Una sessione allenante, a differenza di uno stress subito involontariamente, si pone l’obiettivo di ingegnerizzare tipo ed intensità di stress e stimoli, affinché la supercompensazione accada e potenzi le aree lavorate (fisiche o mentali). Ingegnerizzare lo stimolo significa progettare intensità e recupero.

Gli incrementi di sessione in sessione sono minimali, ma nel medio e lungo periodo, sessione dopo sessione, gli effetti diventano cumulativi ed enormi.

Il corpo sottoposto a stress allenante (di portata affrontabile) migliora le proprie difese nelle strutture e funzioni interessate, che possono essere muscolari, respiratorie, articolari, aerobiche, anaerobiche, di coordinamento

Anche la mente, sottoposta a training di intensità adeguata, reagisce aumentando le proprie capacità cognitive, le connessioni neurali, gli schemi concettuali e gli schemi motori che permetteranno di fronteggiare lo stesso tipo di sfida o stress simili in futuro.
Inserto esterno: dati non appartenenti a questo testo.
Definition quad_factor (a b : R) : {poly R} := ('X - a%:P) ^+ 2 + (b ^+ 2)%:P.

Lemma size_quad_factor a b : size (quad_factor a b) = 3%N.
Proof.
rewrite size_polyDl size_exp_XsubC //.
by apply: leq_ltn_trans (size_polyC_leq1 _) _.
Qed.

Lemma quad_factor_neq0 a b : quad_factor a b != 0.
Proof. by rewrite -size_poly_eq0 size_quad_factor. Qed.

Local Open Scope complex_scope.

Lemma quad_factor_dvdp a b (g : {poly R}) : b != 0 ->
  root (map_poly (real_complex R) g) (a +i* b) -> quad_factor a b %| g.
Proof.
move=> b0 gab; set t := quad_factor a b; set r := g %% t.
have tab : (map_poly (real_complex R) t).[a +i* b] = 0.
  rewrite /t /quad_factor rmorphD rmorphXn /= map_polyC /= rmorphB /= map_polyX.
  rewrite map_polyC /= hornerD hornerC horner_exp hornerXsubC expr2; simpc.
  by apply/eqP; rewrite eq_complex /= eqxx andbT addrC subr_eq0 expr2.
have rab : (map_poly (real_complex R) r).[a +i* b] = 0.
  move: gab; rewrite /root {1}(divp_eq g t) rmorphD rmorphM /= hornerD hornerM.
  by rewrite tab mulr0 add0r => /eqP.
have size_r : (size r <= 2)%N.
  by rewrite -ltnS -(size_quad_factor a b) ltn_modp quad_factor_neq0.
(* a real polynomial of degree <= 1 vanishing at a non-real point is zero *)
move: rab; rewrite (horner_coef_wide _ (n := 2)) ?size_map_poly //.
rewrite !big_ord_recl big_ord0 /= !coef_map /= expr0 expr1 mulr1 addr0.
simpc => -[re im].
have r1 : r`_1 = 0 by move/eqP: im; rewrite mulf_eq0 (negbTE b0) orbF => /eqP.
have r0 : r`_0 = 0 by move: re; rewrite r1 mul0r addr0.
rewrite /dvdp -/r; apply/eqP/polyP => -[|[|k]]; rewrite coef0 //.
by rewrite nth_default // (leq_trans size_r).
Qed.

Lemma real_root_or_quad_factor (g : {poly R}) : (1 < size g)%N ->
  (exists x, root g x) \/
  exists a b (g' : {poly R}), b != 0 /\ g = quad_factor a b * g'.
Proof.
move=> sg; have : size (map_poly (real_complex R) g) != 1%N.
  by rewrite size_map_poly; apply: contraTneq sg => ->.
case/closed_rootP => -[a b] gab; have [b0|b0] := eqVneq b 0.
  by left; exists a; rewrite -(fmorph_root (real_complex R)); move: gab; rewrite b0.
right; have /dvdpP [g' ->] := quad_factor_dvdp b0 gab.
by exists a, b, g'; rewrite mulrC.
Qed.

Local Close Scope complex_scope.

Lemma squarefree_monic_split (q : {poly R}) : q \is monic ->
  (forall x g, q <> ('X - x%:P) ^+ 2 * g) ->
  (forall a b g, b != 0 -> q <> quad_factor a b * g) ->
  exists s : seq R, uniq s /\ q = \prod_(x <- s) ('X - x%:P).
Proof.
move=> qmon no_sqr no_quad.
suff split_cofactor d s g : uniq s -> q = \prod_(x <- s) ('X - x%:P) * g ->
    size g = d.+1 -> exists s', uniq s' /\ q = \prod_(x <- s') ('X - x%:P).
  apply: (split_cofactor (size q).-1 [::] q); rewrite ?big_nil ?mul1r //.
  by rewrite prednK // size_poly_gt0 monic_neq0.
elim: d s g => [|d IHd] s g us qE sg.
  have gC : g = (g`_0)%:P by apply: size1_polyC; rewrite sg.
  have g_lead : g`_0 = 1.
    rewrite -(monicP qmon) {1}qE lead_coef_monicM ?monic_prod_XsubC //.
    by rewrite [in lead_coef g]gC lead_coefC.
  by exists s; rewrite qE gC g_lead mulr1.
have sg1 : (1 < size g)%N by rewrite sg.
have [[x gx]|[a [b [g' [b0 gE]]]]] := real_root_or_quad_factor sg1.
- have [g' gE] := factor_theorem _ _ gx.
  have [xs|xNs] := boolP (x \in s).
    exfalso; apply: (no_sqr x (\prod_(y <- rem x s) ('X - y%:P) * g')).
    by rewrite qE gE (big_rem x xs) /=; ring.
  apply: (IHd (x :: s) g') => /=; first by rewrite xNs.
    by rewrite qE gE big_cons; ring.
  have g'0 : g' != 0 by apply: contra_eq_neq sg => g'0; rewrite gE g'0 mul0r size_poly0.
  by move: sg; rewrite gE size_mul ?polyXsubC_eq0 // size_XsubC addn2 => -[].
- by exfalso; apply: (no_quad a b (\prod_(x <- s) ('X - x%:P) * g') b0); rewrite qE gE; ring.
Qed.

End RealFactor.

Lemma poly_coef_wide (R : nzSemiRingType) (n : nat) (p : {poly R}) :
  (size p <= n)%N -> p = \sum_(i < n) p`_i *: 'X^i.
Proof.
move=> sp; rewrite -poly_def; apply/polyP => k; rewrite coef_poly.
by case: ltnP => // nk; rewrite nth_default // (leq_trans sp nk).
Qed.

Section Lagrange.
Variables (F : fieldType) (s : seq F).

Definition lagr (x : F) : {poly F} :=
  (\prod_(y <- s | y != x) (x - y))^-1 *: \prod_(y <- s | y != x) ('X - y%:P).

Lemma horner_lagr x z : z \in s -> (lagr x).[z] = (z == x)%:R.
Proof.
move=> zs; rewrite /lagr hornerZ horner_prod.
under [in X in _ * X]eq_bigr do rewrite hornerXsubC.
have [->|zx] := eqVneq z x.
  rewrite mulVf // prodf_seq_neq0; apply/allP => y _; apply/implyP => yx.
  by rewrite subr_eq0 eq_sym.
suff -> : \prod_(y <- s | y != x) (z - y) = 0 by rewrite mulr0.
by apply/eqP; rewrite prodf_seq_eq0; apply/hasP; exists z; rewrite // zx subrr eqxx.
Qed.

Lemma size_lagr x : x \in s -> (size (lagr x) <= size s)%N.
Proof.
move=> xs; apply: leq_trans (size_scale_leq _ _) _.
rewrite -big_filter size_prod_XsubC size_filter.
rewrite -(count_predC (fun y => y != x) s) -addn1 leq_add2l -has_count.
by apply/hasP; exists x => //=; rewrite eqxx.
Qed.

Lemma lagr_interp (v : {poly F}) : uniq s -> (size v <= size s)%N ->
  v = \sum_(x <- s) v.[x] *: lagr x.
Proof.
move=> us sv; apply/eqP; rewrite -subr_eq0; apply/negPn/negP => D0.
set D := v - _ in D0.
have D_roots : all (root D) s.
  apply/allP => z zs; rewrite /root /D hornerD hornerN horner_sum (bigD1_seq z) //=.
  rewrite hornerZ horner_lagr // eqxx mulr1 big1_seq ?addr0 ?subrr //.
  by move=> x /andP[xz _]; rewrite hornerZ horner_lagr // eq_sym (negbTE xz) mulr0.
have := max_poly_roots D0 D_roots us; rewrite ltnNge; apply/negP/negPn.
apply: leq_trans (size_polyD _ _) _; rewrite geq_max sv size_polyN big_seq.
apply: (big_ind (fun P : {poly F} => size P <= size s)%N); rewrite ?size_poly0 //.
  by move=> P Q sP sQ; apply: leq_trans (size_polyD _ _) _; rewrite geq_max sP sQ.
by move=> x xs; apply: leq_trans (size_scale_leq _ _) (size_lagr xs).
Qed.

End Lagrange.

Section MomentFunctional.
Variables (R : rcfType) (N : nat) (h : nat -> R).

Definition riesz (P : {poly R}) : R := \sum_(k < N.*2.+1) P`_k * h k.

Lemma rieszD P Q : riesz (P + Q) = riesz P + riesz Q.
Proof. by rewrite /riesz -big_split; apply: eq_bigr => k _; rewrite coefD mulrDl. Qed.

Lemma rieszZ c P : riesz (c *: P) = c * riesz P.
Proof. by rewrite /riesz mulr_sumr; apply: eq_bigr => k _; rewrite coefZ mulrA. Qed.

Lemma riesz0 : riesz 0 = 0.
Proof. by rewrite -(scale0r 0) rieszZ mul0r. Qed.

Lemma rieszB P Q : riesz (P - Q) = riesz P - riesz Q.
Proof. by rewrite rieszD -scaleN1r rieszZ mulN1r. Qed.

Lemma riesz_sum (I : Type) (r : seq I) (Pr : pred I) (F : I -> {poly R}) :
  riesz (\sum_(i <- r | Pr i) F i) = \sum_(i <- r | Pr i) riesz (F i).
Proof. exact: (big_morph riesz rieszD riesz0). Qed.

Lemma rieszXn k : (k <= N.*2)%N -> riesz 'X^k = h k.
Proof.
rewrite -ltnS => kN; rewrite /riesz (bigD1 (Ordinal kN)) //= coefXn eqxx mul1r.
rewrite big1 ?addr0 // => j /eqP jk; rewrite coefXn.
by case: eqP => [e|]; [case: jk; apply: val_inj | rewrite mul0r].
Qed.

Lemma riesz_mul_coef (f g : {poly R}) : (size f <= N.+1)%N -> (size g <= N.+1)%N ->
  riesz (f * g) = \sum_(i < N.+1) \sum_(j < N.+1) f`_i * g`_j * h (i + j).
Proof.
move=> sf sg; rewrite {1}(poly_coef_wide sf) {1}(poly_coef_wide sg) mulr_suml riesz_sum.
apply: eq_bigr => i _; rewrite mulr_sumr riesz_sum; apply: eq_bigr => j _.
rewrite -scalerAl -scalerAr scalerA -exprD rieszZ rieszXn //.
by have := ltn_ord i; have := ltn_ord j; lia.
Qed.

Lemma riesz_mulr_coef (q g : {poly R}) :
  riesz (q * g) = \sum_(t < size g) g`_t * riesz (q * 'X^t).
Proof.
rewrite {1}(poly_coef_wide (leqnn (size g))) mulr_sumr riesz_sum.
by apply: eq_bigr => t _; rewrite -scalerAr rieszZ.
Qed.

Hypothesis riesz_sqr_ge0 : forall f : {poly R}, (size f <= N.+1)%N -> 0 <= riesz (f * f).

(* Cauchy-Schwarz: t |-> riesz ((f + t g)^2) = 2 t c + t^2 d is nonnegative, so c = 0. *)
Lemma riesz_mul_eq0 (f g : {poly R}) : (size f <= N.+1)%N -> (size g <= N.+1)%N ->
  riesz (f * f) = 0 -> riesz (f * g) = 0.
Proof.
move=> sf sg ff0; set c := riesz (f * g); set d := riesz (g * g).
have d_ge0 : 0 <= d := riesz_sqr_ge0 sg.
have quad_ge0 t : 0 <= t * c *+ 2 + t * t * d.
  have sfg : (size (f + t *: g)%R <= N.+1)%N.
    apply: leq_trans (size_polyD _ _) _; rewrite geq_max sf /=.
    exact: leq_trans (size_scale_leq _ _) sg.
  have := riesz_sqr_ge0 sfg.
  rewrite mulrDl !mulrDr -!scalerAl -!scalerAr scalerA !rieszD !rieszZ ff0 (mulrC g f).
  by rewrite -/c -/d add0r addrA mulr2n.
have d1_gt0 : 0 < d + 1 by lra.
have := quad_ge0 (- c / (d + 1)); set t := - c / (d + 1) => tc_ge0.
have cE : c = - (t * (d + 1)) by rewrite /t mulfVK ?gt_eqF // opprK.
have : 0 <= - (c * c) * (d + 2).
  have -> : - (c * c) * (d + 2) = (t * c *+ 2 + t * t * d) * ((d + 1) * (d + 1)).
    by rewrite cE; ring.
  by apply: mulr_ge0 => //; nra.
nra.
Qed.

Lemma riesz_mulXn_eq0 (q : {poly R}) (p : nat) : size q = p.+1 -> (p <= N)%N ->
  riesz (q * q) = 0 -> forall i, (i + p < N.*2)%N -> riesz (q * 'X^i) = 0.
Proof.
move=> sq pN qq0 i; elim/ltn_ind: i => i IHi ipN.
have sqN : (size q <= N.+1)%N by rewrite sq.
have [iN|Ni] := leqP i N; first by apply: riesz_mul_eq0; rewrite ?size_polyXn.
have q0 : q != 0 by rewrite -size_poly_eq0 sq.
(* for i > N, go through the null polynomial q 'X^(i-N), of size <= N+1 *)
set w := q * 'X^(i - N).
have sw : (size w <= N.+1)%N by rewrite size_mulXn // sq; lia.
have ww0 : riesz (w * w) = 0.
  have -> : w * w = q * (q * 'X^((i - N) + (i - N))) by rewrite /w exprD; ring.
  rewrite riesz_mulr_coef big1 // => t _.
  have ti : (t < i - N + (i - N) + p.+1)%N by rewrite -sq -size_mulXn.
  by rewrite IHi ?mulr0 //; lia.
have := riesz_mul_eq0 sw (eq_leq (size_polyXn R N)) ww0.
by rewrite /w -mulrA -exprD subnK // ltnW.
Qed.

Definition orth_poly (p : nat) (q : {poly R}) : Prop :=
  [/\ q \is monic, size q = p.+1, (p <= N)%N,
      forall g : {poly R}, g != 0 -> (size g <= p)%N -> 0 < riesz (g * g) &
      forall i, (i + p < N.*2)%N -> riesz (q * 'X^i) = 0].

Lemma orth_poly_normalize p (f : {poly R}) : f != 0 -> size f = p.+1 -> (p <= N)%N ->
  (forall g : {poly R}, g != 0 -> (size g <= p)%N -> 0 < riesz (g * g)) ->
  (forall i, (i + p < N.*2)%N -> riesz (f * 'X^i) = 0) ->
  orth_poly p ((lead_coef f)^-1 *: f).
Proof.
move=> f0 sf pN pos fXi; have lf0 : lead_coef f != 0 by rewrite lead_coef_eq0.
split => //; first by apply/monicP; rewrite lead_coefZ mulVf.
  by rewrite size_scale ?invr_eq0.
by move=> i ip; rewrite -scalerAl rieszZ fXi ?mulr0.
Qed.

Lemma orth_poly_of_null k : (k <= N)%N ->
  (exists f : {poly R}, [/\ f != 0, size f = k.+1 & riesz (f * f) = 0]) ->
  exists p q, orth_poly p q.
Proof.
elim/ltn_ind: k => k IHk kN [f [f0 sf ff0]].
have [[g [j [jk g0 sg gg0]]]|min_f] :=
  classic (exists (g : {poly R}) j, [/\ (j < k)%N, g != 0, size g = j.+1 & riesz (g * g) = 0]).
  by apply: (IHk j) => //; [apply: leq_trans (ltnW jk) kN | exists g].
exists k, ((lead_coef f)^-1 *: f); apply: orth_poly_normalize => //.
  move=> g g0 sgk; have sg0 : (0 < size g)%N by rewrite size_poly_gt0.
  rewrite lt_def riesz_sqr_ge0 ?andbT; last by lia.
  apply/eqP => gg0; apply: min_f; exists g, (size g).-1.
  by split; rewrite ?prednK //; lia.
exact: riesz_mulXn_eq0 ff0.
Qed.
(* Let $P(z)=\sum_{k=0}^mc_ke^{\alpha_kz}$ with $c_k\ge0$, $\alpha_k\in\mathbb{R}$ and $\max_k|\alpha_k|\le\omega$, where $\omega>0$. Then for every $t\in\mathbb{R}$ and every $\tau\in\mathbb{C}$ with $|\tau-t|\le\frac{1}{5\omega}$, \[ \tfrac34P(t)\le|P(\tau)|\le\tfrac54P(t). \]
   Context: Such $P$ is called an exponential polynomial with real exponents of width at most $\omega$. *)

From Stdlib Require Import Reals.
From Coquelicot Require Import Coquelicot.
Open Scope R_scope.

Definition cexp (z : C) : C :=
  (exp (Re z) * cos (Im z), exp (Re z) * sin (Im z)).

Definition expoly (m : nat) (c alpha : nat -> R) (z : C) : C :=
  sum_n (fun k => RtoC (c k) * cexp (RtoC (alpha k) * z))%C m.

Definition expoly_R (m : nat) (c alpha : nat -> R) (t : R) : R :=
  sum_f_R0 (fun k => c k * exp (alpha k * t)) m.

(* Write tau = t + h with |h| <= 1/(5 omega).  Each term moves by
   c_k e^(alpha_k t) (e^(alpha_k h) - 1), and |alpha_k h| <= 1/5 gives
   |e^w - 1| <= 1/4, so |P(tau) - P(t)| <= P(t)/4 by the triangle inequality;
   the positivity of the c_k is what lets the individual errors add up to a
   fraction of P(t) rather than of sum_k |c_k| e^(alpha_k t). *)

From Stdlib Require Import Reals Lra.
From Coquelicot Require Import Coquelicot.
Open Scope R_scope.

Lemma cexp_add (z w : C) : cexp (z + w) = (cexp z * cexp w)%C.
Proof.
  destruct z as [x y], w as [u v]; unfold cexp, Cmult, Cplus; simpl.
  rewrite exp_plus, cos_plus, sin_plus.
  apply injective_projections; simpl; ring.
Qed.

Lemma cexp_RtoC (x : R) : cexp (RtoC x) = RtoC (exp x).
Proof.
  unfold cexp, RtoC; simpl.
  rewrite cos_0, sin_0, Rmult_1_r, Rmult_0_r; reflexivity.
Qed.

Lemma Rabs_sin_le (u : R) : Rabs (sin u) <= Rabs u.
Proof.
  assert (Hnonneg : forall v, 0 <= v -> Rabs (sin v) <= v).
  { intros v Hv.
    destruct (Rle_lt_dec v 1) as [Hv1 | Hv1].
    - pose proof PI2_1.
      rewrite Rabs_pos_eq by (apply sin_ge_0; lra).
      destruct (Req_dec v 0) as [-> | Hv0].
      + rewrite sin_0; lra.
      + left; apply sin_lt_x; lra.
    - pose proof (SIN_bound v).
      apply Rabs_le; lra. }
  destruct (Rle_lt_dec 0 u) as [Hu | Hu].
  - rewrite (Rabs_pos_eq u Hu); auto.
  - rewrite <- Rabs_Ropp, <- sin_neg, (Rabs_left u Hu).
    apply Hnonneg; lra.
Qed.

Lemma one_sub_cos_le (y : R) : 1 - cos y <= y ^ 2 / 2.
Proof.
  replace y with (2 * (y / 2)) at 1 by field.
  rewrite cos_2a_sin.
  pose proof (Rsqr_le_abs_1 _ _ (Rabs_sin_le (y / 2))) as Hsin.
  unfold Rsqr in Hsin.
  nra.
Qed.

Lemma Rabs_exp_sub_1_le (x r : R) :
  Rabs x <= r -> r < 1 -> (1 - r) * Rabs (exp x - 1) <= Rabs x.
Proof.
  intros Hxr Hr.
  pose proof (Rle_trans _ _ _ (Rabs_pos x) Hxr) as Hr0.
  pose proof (exp_ineq1_le x) as Hlow.
  assert (Hup : exp x * (1 - x) <= 1).
  { pose proof (exp_ineq1_le (- x)) as Hneg.
    pose proof (exp_pos x).
    assert (Hinv : exp x * exp (- x) = 1)
      by (rewrite <- exp_plus, Rplus_opp_r; apply exp_0).
    nra. }
  destruct (Rle_lt_dec 0 x) as [Hx | Hx].
  - apply Rabs_le_between in Hxr.
    rewrite Rabs_pos_eq by lra.
    rewrite Rabs_pos_eq by exact Hx.
    nra.
  - rewrite (Rabs_left x Hx).
    rewrite Rabs_left1 by (pose proof (exp_increasing x 0 Hx); rewrite exp_0 in *; lra).
    nra.
Qed.

Lemma Cmod_cexp_sub_1_sqr (w : C) :
  Cmod (cexp w - 1) ^ 2 = (exp (Re w) - 1) ^ 2 + 2 * exp (Re w) * (1 - cos (Im w)).
Proof.
  rewrite Cmod2_alt.
  destruct w as [x y]; unfold cexp, Cminus, Cplus, Copp; simpl.
  pose proof (sin2_cos2 y) as Hpyth; unfold Rsqr in Hpyth.
  replace ((exp x * sin y + - 0) * ((exp x * sin y + - 0) * 1))
    with (exp x ^ 2 * (sin y * sin y)) by ring.
  replace (sin y * sin y) with (1 - cos y * cos y) by lra.
  ring.
Qed.

Lemma Cmod_cexp_sub_1_le (w : C) : Cmod w <= 1 / 5 -> Cmod (cexp w - 1) <= 1 / 4.
Proof.
  intros Hw.
  set (x := Re w); set (y := Im w).
  assert (Hxy : x ^ 2 + y ^ 2 <= 1 / 25).
  { unfold x, y; rewrite <- Cmod2_alt.
    pose proof (Cmod_ge_0 w); nra. }
  assert (Hx_small : Rabs x <= 1 / 5) by exact (Rle_trans _ _ _ (re_le_Cmod w) Hw).
  assert (Hx : 4 / 5 * Rabs (exp x - 1) <= Rabs x).
  { replace (4 / 5) with (1 - 1 / 5) by field.
    apply Rabs_exp_sub_1_le; [exact Hx_small | lra]. }
  assert (Hexp_sqr : (exp x - 1) ^ 2 <= 25 / 16 * x ^ 2).
  { rewrite <- (pow2_abs (exp x - 1)), <- (pow2_abs x).
    pose proof (Rabs_pos (exp x - 1)); nra. }
  assert (Hexp : exp x <= 5 / 4).
  { assert (Rabs (exp x - 1) <= 1 / 4) as Hdev%Rabs_le_between by lra.
    lra. }
  (* |e^w - 1|^2 <= 25/16 x^2 + 5/4 y^2 <= 25/16 |w|^2 <= 1/16 *)
  pose proof (one_sub_cos_le y) as Hcos.
  pose proof (exp_pos x).
  pose proof (Cmod_cexp_sub_1_sqr w) as Hsqr; fold x y in Hsqr.
  pose proof (Cmod_ge_0 (cexp w - 1)).
  nra.
Qed.

Lemma Cmod_exp_term_shift_le (c a omega t : R) (tau : C) :
  0 < omega -> 0 <= c -> Rabs a <= omega -> Cmod (tau - RtoC t) <= 1 / (5 * omega) ->
  Cmod (RtoC c * cexp (RtoC a * tau) - RtoC (c * exp (a * t))) <= 1 / 4 * (c * exp (a * t)).
Proof.
  intros Homega Hc Ha Htau.
  assert (Hsmall : Cmod (RtoC a * (tau - RtoC t)) <= 1 / 5).
  { rewrite Cmod_mult, Cmod_R.
    replace (1 / 5) with (omega * (1 / (5 * omega))) by (field; lra).
    apply Rmult_le_compat; auto using Rabs_pos, Cmod_ge_0. }
  replace (RtoC a * tau)%C with (RtoC (a * t) + RtoC a * (tau - RtoC t))%C
    by (rewrite RtoC_mult; ring).
  rewrite cexp_add, cexp_RtoC.
  replace (RtoC c * (RtoC (exp (a * t)) * cexp (RtoC a * (tau - RtoC t)))
           - RtoC (c * exp (a * t)))%C
    with (RtoC (c * exp (a * t)) * (cexp (RtoC a * (tau - RtoC t)) - 1))%C
    by (rewrite RtoC_mult; ring).
  rewrite Cmod_mult, Cmod_R, Rabs_pos_eq by (pose proof (exp_pos (a * t)); nra).
  rewrite Rmult_comm.
  apply Rmult_le_compat_r.
  - pose proof (exp_pos (a * t)); nra.
  - exact (Cmod_cexp_sub_1_le _ Hsmall).
Qed.

Lemma Cmod_sum_n_sub_le (z : nat -> C) (r : nat -> R) (n : nat) :
  Cmod (sum_n z n - RtoC (sum_f_R0 r n)) <= sum_f_R0 (fun k => Cmod (z k - RtoC (r k))) n.
Proof.
  induction n as [| n IH].
  - rewrite sum_O; simpl; lra.
  - rewrite sum_Sn; simpl.
    change plus with Cplus.
    rewrite RtoC_plus.
    replace (sum_n z n + z (S n) - (RtoC (sum_f_R0 r n) + RtoC (r (S n))))%C
      with ((sum_n z n - RtoC (sum_f_R0 r n)) + (z (S n) - RtoC (r (S n))))%C by ring.
    eapply Rle_trans; [apply Cmod_triangle | lra].
Qed.

Lemma Cmod_near_real_bounds (z : C) (s eps : R) :
  0 < eps -> Cmod (z - RtoC s) <= eps * s ->
  (1 - eps) * s <= Cmod z /\ Cmod z <= (1 + eps) * s.
Proof.
  intros Heps Hz.
  assert (Hs : 0 <= s) by (pose proof (Cmod_ge_0 (z - RtoC s)); nra).
  assert (Hmod_s : Cmod (RtoC s) = s) by (rewrite Cmod_R; apply Rabs_pos_eq, Hs).
  split.
  - pose proof (Cmod_triangle (RtoC s - z) z) as Htri.
    replace (RtoC s - z + z)%C with (RtoC s) in Htri by ring.
    replace (RtoC s - z)%C with (- (z - RtoC s))%C in Htri by ring.
    rewrite Cmod_opp in Htri; lra.
  - pose proof (Cmod_triangle (z - RtoC s) (RtoC s)) as Htri.
    replace (z - RtoC s + RtoC s)%C with z in Htri by ring.
    lra.
Qed.

Theorem lemma3p8 (m : nat) (c alpha : nat -> R) (omega : R) :
  0 < omega ->
  (forall k, (k <= m)%nat -> 0 <= c k) ->
  (forall k, (k <= m)%nat -> Rabs (alpha k) <= omega) ->
  forall (t : R) (tau : C),
    Cmod (tau - RtoC t)%C <= 1 / (5 * omega) ->
    3 / 4 * expoly_R m c alpha t <= Cmod (expoly m c alpha tau) /\
    Cmod (expoly m c alpha tau) <= 5 / 4 * expoly_R m c alpha t.
Proof.
  intros Homega Hc Halpha t tau Htau.
  assert (Hdev : Cmod (expoly m c alpha tau - RtoC (expoly_R m c alpha t))
                 <= 1 / 4 * expoly_R m c alpha t).
  { unfold expoly, expoly_R.
    eapply Rle_trans; [apply Cmod_sum_n_sub_le |].
    rewrite scal_sum.
    apply sum_Rle; intros k Hk.
    rewrite (Rmult_comm _ (1 / 4)).
    apply Cmod_exp_term_shift_le with omega; auto. }
  replace (3 / 4) with (1 - 1 / 4) by field.
  replace (5 / 4) with (1 + 1 / 4) by field.
  apply Cmod_near_real_bounds; lra.
Qed.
[1] Vedi: Selye, H. (1956), The Stress of Life, McGraw-Hill, New York.

Selye, H. (1976), Stress in health and disease, Butterworth, Reading, MA.

Selye, H. (1982), History and present status of the stress concept, in L. Goldberger, S. Breznitz (Eds.), Handbook of Stress: Theoretical and Clinical Aspects, The Free Press, New York.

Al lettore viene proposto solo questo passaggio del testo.